(* Let $a,b,c,d\geq 1$ be integers and $$M=\begin{pmatrix} a & b\\ c & d\end{pmatrix}.$$ Then $\mathrm{Cat}(M)\neq\emptyset$ in each of the following cases: (1) $a=b=c=d=1$; (2) $a=1$ and $d>bc$; (3) $d=1$ and $a>bc$; (4) $a>1$ and $d>1$. In all other cases $\mathrm{Cat}(M)=\emptyset$.
   Context: For an $n\times n$ matrix $M=(m_{ij})$ with entries in the natural numbers, $\mathrm{Cat}(M)$ denotes the collection of categories $A$ with exactly $n$ distinct objects $x_1,\dots,x_n$ such that $|A(x_i,x_j)|=m_{ij}$ for all $i,j$, where $A(x_i,x_j)$ is the set of morphisms from $x_i$ to $x_j$. *)

From mathcomp Require Import all_boot all_algebra.
Set Implicit Arguments. Unset Strict Implicit. Unset Printing Implicit Defensive.

(* Composition is written in diagrammatic order: comp f g = g o f. *)
Record cat_on (n : nat) := CatOn {
  Hom : 'I_n -> 'I_n -> finType;
  idm : forall i, Hom i i;
  comp : forall i j k, Hom i j -> Hom j k -> Hom i k;
  comp_id_l : forall i j (f : Hom i j), comp (idm i) f = f;
  comp_id_r : forall i j (f : Hom i j), comp f (idm j) = f;
  comp_assoc : forall i j k l (f : Hom i j) (g : Hom j k) (h : Hom k l),
      comp (comp f g) h = comp f (comp g h)
}.

Definition Cat_nonempty (n : nat) (M : 'M[nat]_n) : Prop :=
  exists C : cat_on n, forall i j : 'I_n, #|Hom C i j| = M i j.

Definition mx2 (a b c d : nat) : 'M[nat]_2 :=
  \matrix_(i < 2, j < 2)
    if (i == 0 :> nat) then (if (j == 0 :> nat) then a else b)
    else (if (j == 0 :> nat) then c else d).

From Pilot Require Import Defs.
From mathcomp Require Import all_boot all_algebra zify.
Set Implicit Arguments. Unset Strict Implicit. Unset Printing Implicit Defensive.

(* If x has only its identity endomorphism, then every round trip
   x -> y -> x is the identity, so (g, f) |-> f o g embeds Hom(y,x) * Hom(x,y)
   into End(y): bc <= d.  If bc = d, the identity of y factors through x, which
   forces End(y) to be trivial, hence bc = d = 1.  Conversely, when both
   endomorphism monoids have at least two elements, declare every composite of
   non-identities to be one fixed non-identity morphism; when a = 1 and bc < d,
   let End(y) consist of the identity, the bc composites y -> x -> y, and
   d - bc - 1 further morphisms composing like the composite of the first
   arrows; the case d = 1 is the mirror image. *)

(* Hom i j is realised as 'I_(M i j), with index 0 as the identity and [law]
   computing indices of composites. *)
Lemma Cat_nonempty_of_law n (M : 'M[nat]_n) (law : 'I_n -> 'I_n -> 'I_n -> nat -> nat -> nat) :
  (forall i, 0 < M i i) ->
  (forall i j k f g, f < M i j -> g < M j k -> law i j k f g < M i k) ->
  (forall i j f, f < M i j -> law i i j 0 f = f) ->
  (forall i j f, f < M i j -> law i j j f 0 = f) ->
  (forall i j k l f g h, f < M i j -> g < M j k -> h < M k l ->
     law i k l (law i j k f g) h = law i j l f (law j k l g h)) ->
  Cat_nonempty M.
Proof.
move=> M_gt0 law_lt law1f lawf1 lawA.
pose idm i : 'I_(M i i) := Ordinal (M_gt0 i).
pose comp i j k (f : 'I_(M i j)) (g : 'I_(M j k)) : 'I_(M i k) :=
  Ordinal (law_lt i j k f g (ltn_ord f) (ltn_ord g)).
have comp1f i j (f : 'I_(M i j)) : comp i i j (idm i) f = f by apply/val_inj/law1f.
have compf1 i j (f : 'I_(M i j)) : comp i j j f (idm j) = f by apply/val_inj/lawf1.
have compA i j k l f g h : comp i k l (comp i j k f g) h = comp i j l f (comp j k l g h).
  exact/val_inj/lawA.
by exists (CatOn comp1f compf1 compA) => i j /=; rewrite card_ord.
Qed.

Lemma Cat_nonempty_const1 n : Cat_nonempty (const_mx 1 : 'M[nat]_n).
Proof.
have M1 i j : (const_mx 1 : 'M[nat]_n) i j = 1 by rewrite mxE.
by apply: (@Cat_nonempty_of_law _ _ (fun _ _ _ _ _ => 0)) => [i|i j k f g _ _|i j f|i j f|];
  rewrite ?M1 // ltnS leqn0 => /eqP.
Qed.

Section AbsorbingLaw.
Variable n : nat.
Implicit Types (i j k l : 'I_n) (f g h : nat).

Definition is_idm i j f := (i == j) && (f == 0).

(* Every composite of two non-identities is the morphism of index [i == k],
   which is never an identity. *)
Definition absorbing_law i j k f g : nat :=
  if is_idm i j f then g else if is_idm j k g then f else i == k.

Lemma is_idm_absorbing_law i j k f g :
  is_idm i k (absorbing_law i j k f g) = is_idm i j f && is_idm j k g.
Proof.
rewrite /absorbing_law; case: ifP => [/andP[/eqP -> _] //|nf] /=.
case: ifP => [/andP[/eqP ejk _]|_]; first by rewrite -ejk nf.
by rewrite /is_idm; case: eqP.
Qed.

Lemma absorbing_law1f i j f : absorbing_law i i j 0 f = f.
Proof. by rewrite /absorbing_law /is_idm !eqxx. Qed.

Lemma absorbing_lawf1 i j f : absorbing_law i j j f 0 = f.
Proof.
by rewrite /absorbing_law /is_idm !eqxx andbT; case: ifP => // /andP[_ /eqP ->].
Qed.

Lemma absorbing_lawA i j k l f g h :
  absorbing_law i k l (absorbing_law i j k f g) h =
  absorbing_law i j l f (absorbing_law j k l g h).
Proof.
have [/andP[/eqP <- /eqP ->]|nf] := boolP (is_idm i j f).
  by rewrite !absorbing_law1f.
have [/andP[/eqP <- /eqP ->]|ng] := boolP (is_idm j k g).
  by rewrite absorbing_law1f absorbing_lawf1.
rewrite {1 3}/absorbing_law !is_idm_absorbing_law (negbTE nf) (negbTE ng) /=.
case: ifP => // /andP[/eqP <- _].
by rewrite /absorbing_law (negbTE nf) (negbTE ng).
Qed.

End AbsorbingLaw.

Lemma Cat_nonempty_absorbing n (M : 'M[nat]_n) :
  (forall i, 1 < M i i) -> (forall i j, 0 < M i j) -> Cat_nonempty M.
Proof.
move=> M_gt1 M_gt0; apply: (@Cat_nonempty_of_law _ _ (@absorbing_law n)).
- by move=> i; apply: ltnW.
- move=> i j k f g Mf Mg; rewrite /absorbing_law /is_idm.
  case: ifP => [/andP[/eqP -> _] //|_]; case: ifP => [/andP[/eqP <- _] //|_].
  by case: (eqVneq i k) => [<-|].
- by move=> *; apply: absorbing_law1f.
- by move=> *; apply: absorbing_lawf1.
- by move=> *; apply: absorbing_lawA.
Qed.

Lemma Cat_nonempty_relabel m n (M : 'M[nat]_n) (s : 'I_m -> 'I_n) :
  Cat_nonempty M -> Cat_nonempty (\matrix_(i, j) M (s i) (s j)).
Proof.
case=> C HC.
exists (@CatOn m (fun i j => Defs.Hom C (s i) (s j)) (fun i => Defs.idm C (s i))
   (fun i j k f g => Defs.comp f g) (fun i j f => comp_id_l f) (fun i j f => comp_id_r f)
   (fun i j k l f g h => comp_assoc f g h)) => i j /=.
by rewrite mxE HC.
Qed.

Section TrivialEndomorphisms.
Variables (n : nat) (C : cat_on n) (x y : 'I_n).
Hypothesis card_End_x : #|Defs.Hom C x x| = 1.

Lemma comp_round_trip (f : Defs.Hom C x y) (g : Defs.Hom C y x) :
  Defs.comp f g = Defs.idm C x.
Proof. by apply/fintype_le1P; rewrite card_End_x. Qed.

Lemma round_trip_inj :
  injective (fun p : Defs.Hom C y x * Defs.Hom C x y => Defs.comp p.1 p.2).
Proof.
move=> [g f] [g' f'] /= e.
have -> : g = g'.
  by rewrite -[g]comp_id_r -(comp_round_trip f g') -comp_assoc e comp_assoc
             comp_round_trip comp_id_r.
have -> // : f = f'.
by rewrite -[f]comp_id_l -(comp_round_trip f' g) comp_assoc e -comp_assoc
           comp_round_trip comp_id_l.
Qed.

Lemma card_round_trips : #|Defs.Hom C y x| * #|Defs.Hom C x y| <= #|Defs.Hom C y y|.
Proof. by rewrite -card_prod; apply: leq_card round_trip_inj. Qed.

Lemma card_End_eq1_of_round_trips :
  #|Defs.Hom C y x| * #|Defs.Hom C x y| = #|Defs.Hom C y y| -> #|Defs.Hom C y y| = 1.
Proof.
rewrite -card_prod => card_eq.
have /codomP[[g f] /= id_gf] :
    Defs.idm C y \in codom (fun p : Defs.Hom C y x * Defs.Hom C x y => Defs.comp p.1 p.2).
  by apply: inj_card_onto round_trip_inj _ _; rewrite card_eq.
have End_y_idm (h : Defs.Hom C y y) : h = Defs.idm C y.
  rewrite -[h]comp_id_l -[h]comp_id_r id_gf comp_assoc -[Defs.comp f _]comp_assoc.
  by rewrite -[Defs.comp (Defs.comp f h) _]comp_assoc comp_round_trip comp_id_l.
apply/eqP; rewrite eqn_leq; apply/andP; split.
  by apply/fintype_le1P => u v; rewrite (End_y_idm u) (End_y_idm v).
by apply/card_gt0P; exists (Defs.idm C y).
Qed.
End TrivialEndomorphisms.

Lemma mx2E a b c d (i j : 'I_2) : mx2 a b c d i j =
  match val i, val j with 0, 0 => a | 0, _ => b | _, 0 => c | _, _ => d end.
Proof. by rewrite mxE; case: i => [[|[|i]] Hi]; case: j => [[|[|j]] Hj]. Qed.

Section RectangularBand.
Variables b c : nat.
Hypotheses (b_gt0 : 0 < b) (c_gt0 : 0 < c).

(* Object 0 is x, with End(x) trivial, and object 1 is y.  The endomorphism
   [pair_code u v] of y is the composite of the u-th arrow y -> x with the v-th
   arrow x -> y; the endomorphisms above [b * c] behave like [pair_code 0 0]. *)
Definition pair_code u v := (u * b + v).+1.
Definition code_fst e := if e <= b * c then e.-1 %/ b else 0.
Definition code_snd e := if e <= b * c then e.-1 %% b else 0.

Lemma pair_code_le u v : u < c -> v < b -> pair_code u v <= b * c.
Proof. by move=> *; rewrite /pair_code; nia. Qed.

Lemma pair_codeK1 u v : u < c -> v < b -> code_fst (pair_code u v) = u.
Proof.
by move=> u_lt v_lt; rewrite /code_fst pair_code_le //= divnMDl // divn_small ?addn0.
Qed.

Lemma pair_codeK2 u v : u < c -> v < b -> code_snd (pair_code u v) = v.
Proof. by move=> u_lt v_lt; rewrite /code_snd pair_code_le //= modnMDl modn_small. Qed.

Lemma code_fst_lt e : code_fst e < c.
Proof.
rewrite /code_fst; case: ifP => // e_le.
by rewrite ltn_divLR // mulnC; case: e e_le => /=; nia.
Qed.

Lemma code_snd_lt e : code_snd e < b.
Proof. by rewrite /code_snd; case: ifP => // _; rewrite ltn_mod. Qed.

Definition band_law (i j k : 'I_2) (f g : nat) : nat :=
  match val i, val j, val k with
  | 0, 0, 0 => 0
  | 0, 0, _ => g
  | 0, _, 0 => 0
  | 0, _, _ => if g == 0 then f else code_snd g
  | _, 0, 0 => f
  | _, 0, _ => pair_code f g
  | _, _, 0 => if f == 0 then g else code_fst f
  | _, _, _ => if f == 0 then g else if g == 0 then f
               else pair_code (code_fst f) (code_snd g)
  end.

Variable d : nat.
Hypothesis bc_lt_d : b * c < d.
Let M := mx2 1 b c d.

Lemma band_law_lt i j k f g : f < M i j -> g < M j k -> band_law i j k f g < M i k.
Proof.
have lt_d u v : u < c -> v < b -> pair_code u v < d.
  by move=> *; apply: leq_ltn_trans bc_lt_d; apply: pair_code_le.
case: i j k => [[|[|i]] Hi] // [[|[|j]] Hj] // [[|[|k]] Hk] //;
  rewrite !mx2E /band_law /= => Mf Mg;
  do ?case: eqP => // _; by rewrite ?lt_d ?code_fst_lt ?code_snd_lt.
Qed.

Lemma band_law1f i j f : f < M i j -> band_law i i j 0 f = f.
Proof. by case: i j f => [[|[|i]] Hi] // [[|[|j]] Hj] // [|f]; rewrite mx2E. Qed.

Lemma band_lawf1 i j f : f < M i j -> band_law i j j f 0 = f.
Proof. by case: i j f => [[|[|i]] Hi] // [[|[|j]] Hj] // [|f]; rewrite mx2E. Qed.

Lemma band_lawA i j k l f g h : f < M i j -> g < M j k -> h < M k l ->
  band_law i k l (band_law i j k f g) h = band_law i j l f (band_law j k l g h).
Proof.
case: i j k l => [[|[|i]] Hi] // [[|[|j]] Hj] // [[|[|k]] Hk] // [[|[|l]] Hl] //;
  rewrite !mx2E /band_law /=;
  case: f => [|f] Mf; case: g => [|g] Mg; case: h => [|h] Mh //=;
  by rewrite ?pair_codeK1 ?pair_codeK2 ?code_fst_lt ?code_snd_lt.
Qed.

Lemma Cat_nonempty_band : Cat_nonempty M.
Proof.
apply: (Cat_nonempty_of_law _ band_law_lt band_law1f band_lawf1 band_lawA).
by case=> [[|[|i]] Hi] //; rewrite mx2E //=; apply: leq_ltn_trans bc_lt_d.
Qed.
End RectangularBand.

Lemma mx2_relabel_rev a b c d :
  (\matrix_(i, j) mx2 a b c d (rev_ord i) (rev_ord j))%R = mx2 d c b a.
Proof.
apply/matrixP => i j; rewrite mxE !mx2E.
by case: i => [[|[|i]] Hi]; case: j => [[|[|j]] Hj].
Qed.

Lemma Cat_nonempty_mx2_rev a b c d :
  Cat_nonempty (mx2 a b c d) -> Cat_nonempty (mx2 d c b a).
Proof. by move/(Cat_nonempty_relabel (@rev_ord 2)); rewrite mx2_relabel_rev. Qed.

Lemma mx2_1111 : mx2 1 1 1 1 = const_mx 1.
Proof.
by apply/matrixP => i j; rewrite mx2E mxE; case: (val i) => [|[|]]; case: (val j) => [|[|]].
Qed.

Lemma Cat_nonempty_mx2_gt1 a b c d : 1 < a -> 0 < b -> 0 < c -> 1 < d ->
  Cat_nonempty (mx2 a b c d).
Proof.
move=> a_gt1 b_gt0 c_gt0 d_gt1; apply: Cat_nonempty_absorbing.
  by case=> [[|[|i]] Hi]; rewrite mx2E.
by case=> [[|[|i]] Hi] [[|[|j]] Hj]; rewrite mx2E //= ltnW.
Qed.

Lemma Cat_nonempty_mx2_1 b c d : Cat_nonempty (mx2 1 b c d) ->
  b * c < d \/ [/\ b = 1, c = 1 & d = 1].
Proof.
case=> C card_C; pose x : 'I_2 := ord0; pose y : 'I_2 := ord_max.
have card_End_x : #|Defs.Hom C x x| = 1 by rewrite card_C mx2E.
have := card_round_trips y card_End_x.
have := @card_End_eq1_of_round_trips _ C x y card_End_x.
rewrite !card_C !mx2E /= mulnC leq_eqVlt => eq_d1 /orP[/eqP bc_d|]; last by left.
right; have d1 := eq_d1 bc_d.
by move: bc_d; rewrite d1 => /eqP; rewrite muln_eq1 => /andP[/eqP -> /eqP ->].
Qed.

Theorem mainTheorem2 (a b c d : nat) :
  1 <= a -> 1 <= b -> 1 <= c -> 1 <= d ->
  (Cat_nonempty (mx2 a b c d) <->
    [\/ (a = 1 /\ b = 1 /\ c = 1 /\ d = 1),
        (a = 1 /\ b * c < d),
        (d = 1 /\ b * c < a) |
        (1 < a /\ 1 < d)]).
Proof.
move=> a_gt0 b_gt0 c_gt0 d_gt0; split.
- have [-> /Cat_nonempty_mx2_1 [bc_lt_d|[-> -> ->]]|a_gt1] := eqVneq a 1.
  + by apply: Or42.
  + by apply: Or41.
  have [-> /Cat_nonempty_mx2_rev/Cat_nonempty_mx2_1 [cb_lt_a|[_ _ a1]]|d_gt1 _] := eqVneq d 1.
  + by apply: Or43; split; rewrite // mulnC.
  + by rewrite a1 in a_gt1.
  by apply: Or44; split; rewrite ltn_neqAle eq_sym ?a_gt1 ?d_gt1.
- case=> [[-> [-> [-> ->]]]|[-> bc_lt_d]|[-> bc_lt_a]|[a_gt1 d_gt1]].
  + by rewrite mx2_1111; apply: Cat_nonempty_const1.
  + exact: Cat_nonempty_band.
  + by apply/Cat_nonempty_mx2_rev/Cat_nonempty_band; rewrite // mulnC.
  + exact: Cat_nonempty_mx2_gt1.
Qed.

◆ ◆ ◆ ◆

Reproduce every line in the records above that contains the word "else".

    if (i == 0 :> nat) then (if (j == 0 :> nat) then a else b)
    else (if (j == 0 :> nat) then c else d).
  if is_idm i j f then g else if is_idm j k g then f else i == k.
Definition code_fst e := if e <= b * c then e.-1 %/ b else 0.
Definition code_snd e := if e <= b * c then e.-1 %% b else 0.
  | 0, _, _ => if g == 0 then f else code_snd g
  | _, _, 0 => if f == 0 then g else code_fst f
  | _, _, _ => if f == 0 then g else if g == 0 then f
               else pair_code (code_fst f) (code_snd g)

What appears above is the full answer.